INFORMATION SHOWN

Lemma real_roots_iff_minors (C : numClosedFieldType) (p q r s t : C) (a : 'I_5 -> C) :
  p \is Num.real -> q \is Num.real -> r \is Num.real ->
  s \is Num.real -> t \is Num.real ->
  quintic p q r s t = \prod_(i < 5) ('X - (a i)%:P) -> 0 < discr5 a ->
  (forall i, a i \is Num.real) <-> [/\ 0 < L3 p q, 0 < L2 p q r s & 0 < L1 p q r s t].
Proof.
move=> rp rq rr rs rt fE D_pos.
have a_inj : injective a by apply/discr5_neq0; rewrite lt0r_neq0.
have [m1 m2 m3 m4] := minors_quintic fE.
have H_real i j : hankel a i j \is Num.real by apply: (psum_real rp rq rr rs rt fE).
have H_sym i j : hankel a i j = hankel a j i by rewrite /hankel addnC.
split => [a_real | [L3_pos L2_pos L1_pos] i].
  have minor_pos := pd_minors_pos (n := 5) isT H_real H_sym (hankel_form_pd a_inj a_real).
  have := minor_pos 2%N isT; have := minor_pos 3%N isT; have := minor_pos 4%N isT.
  by rewrite m2 m3 m4 pmulr_rgt0.
apply/negPn/negP => nonreal_i.
have [x x_real Q_neg] := hankel_form_neg rp rq rr rs rt fE a_inj nonreal_i.
suff : 0 <= qform 5 (hankel a) x by move/(lt_le_trans Q_neg); rewrite ltxx.
apply: sylvester_psd => //; case=> [|[|[|[|[|[|k]]]]]] // _.
- by rewrite m1 ltr0n.
- by rewrite m2 mulr_gt0 ?ltr0n.
- by rewrite m3.
- by rewrite m4.
- by rewrite minor_hankel.
Qed.

Unset Implicit Arguments.

Theorem mainTheorem1 (C : numClosedFieldType) (p q r s t : C) (alpha : 'I_5 -> C) :
  p \is Num.real -> q \is Num.real -> r \is Num.real ->
  s \is Num.real -> t \is Num.real ->
  quintic p q r s t = \prod_(i < 5) ('X - (alpha i)%:P) ->
  [/\ (injective alpha /\ (forall i, alpha i \is Num.real))
        <-> [/\ 0 < L3 p q, 0 < L2 p q r s, 0 < L1 p q r s t & 0 < discr5 alpha],
      (injective alpha /\ nreal alpha = 3%N) <-> discr5 alpha < 0
    & (injective alpha /\ nreal alpha = 1%N)
        <-> 0 < discr5 alpha /\
            (L3 p q <= 0 \/ L2 p q r s <= 0 \/ L1 p q r s t <= 0)].
Proof.
move=> rp rq rr rs rt fE.
have sign := discr5_sign (conj_root rp rq rr rs rt fE).
have hermite := real_roots_iff_minors rp rq rr rs rt fE.
have [rL3 rL2 rL1] := L_real rp rq rr rs rt.
have not_all_pos := not_all_gt0 rL3 rL2 rL1.
split; split.
- move=> [a_inj a_real]; have [_ _ D_pos] := sign a_inj.
  have D0 : 0 < discr5 alpha by apply: D_pos; rewrite (proj2 (nreal_eq5 alpha) a_real).
  by have [] := (hermite D0).1 a_real.
- move=> [L3_pos L2_pos L1_pos D0]; split; last exact/(hermite D0).
  by apply/discr5_neq0; rewrite lt0r_neq0.
- by move=> [a_inj three]; have [_ D_neg _] := sign a_inj; apply: D_neg.
- move=> D_neg; have a_inj : injective alpha by apply/discr5_neq0; rewrite ltr0_neq0.
  split => //; have [_ _ D_pos] := sign a_inj.
  by apply/eqP; apply: contraTT D_neg => /D_pos D_gt0; rewrite lt_gtF.
- move=> [a_inj one]; have [_ _ D_pos] := sign a_inj.
  have D0 : 0 < discr5 alpha by apply: D_pos; rewrite one.
  split => //; apply/not_all_pos => L_pos.
  by have := proj2 (nreal_eq5 alpha) ((hermite D0).2 L_pos); rewrite one.
- move=> [D0 some_nonpos]; have a_inj : injective alpha by apply/discr5_neq0; rewrite lt0r_neq0.
  split => //; have [[one | three | five] D_neg _] := sign a_inj => //.
    by have := D_neg three; rewrite lt_gtF.
  by case: (proj2 not_all_pos some_nonpos); apply/(hermite D0)/nreal_eq5.
Qed.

TRY IT
Taking the records above as input, show every line in which the word "injective" is present.

ANSWER
have a_inj : injective a by apply/discr5_neq0; rewrite lt0r_neq0.
  [/\ (injective alpha /\ (forall i, alpha i \is Num.real))
      (injective alpha /\ nreal alpha = 3%N) <-> discr5 alpha < 0
    & (injective alpha /\ nreal alpha = 1%N)
- move=> D_neg; have a_inj : injective alpha by apply/discr5_neq0; rewrite ltr0_neq0.
- move=> [D0 some_nonpos]; have a_inj : injective alpha by apply/discr5_neq0; rewrite lt0r_neq0.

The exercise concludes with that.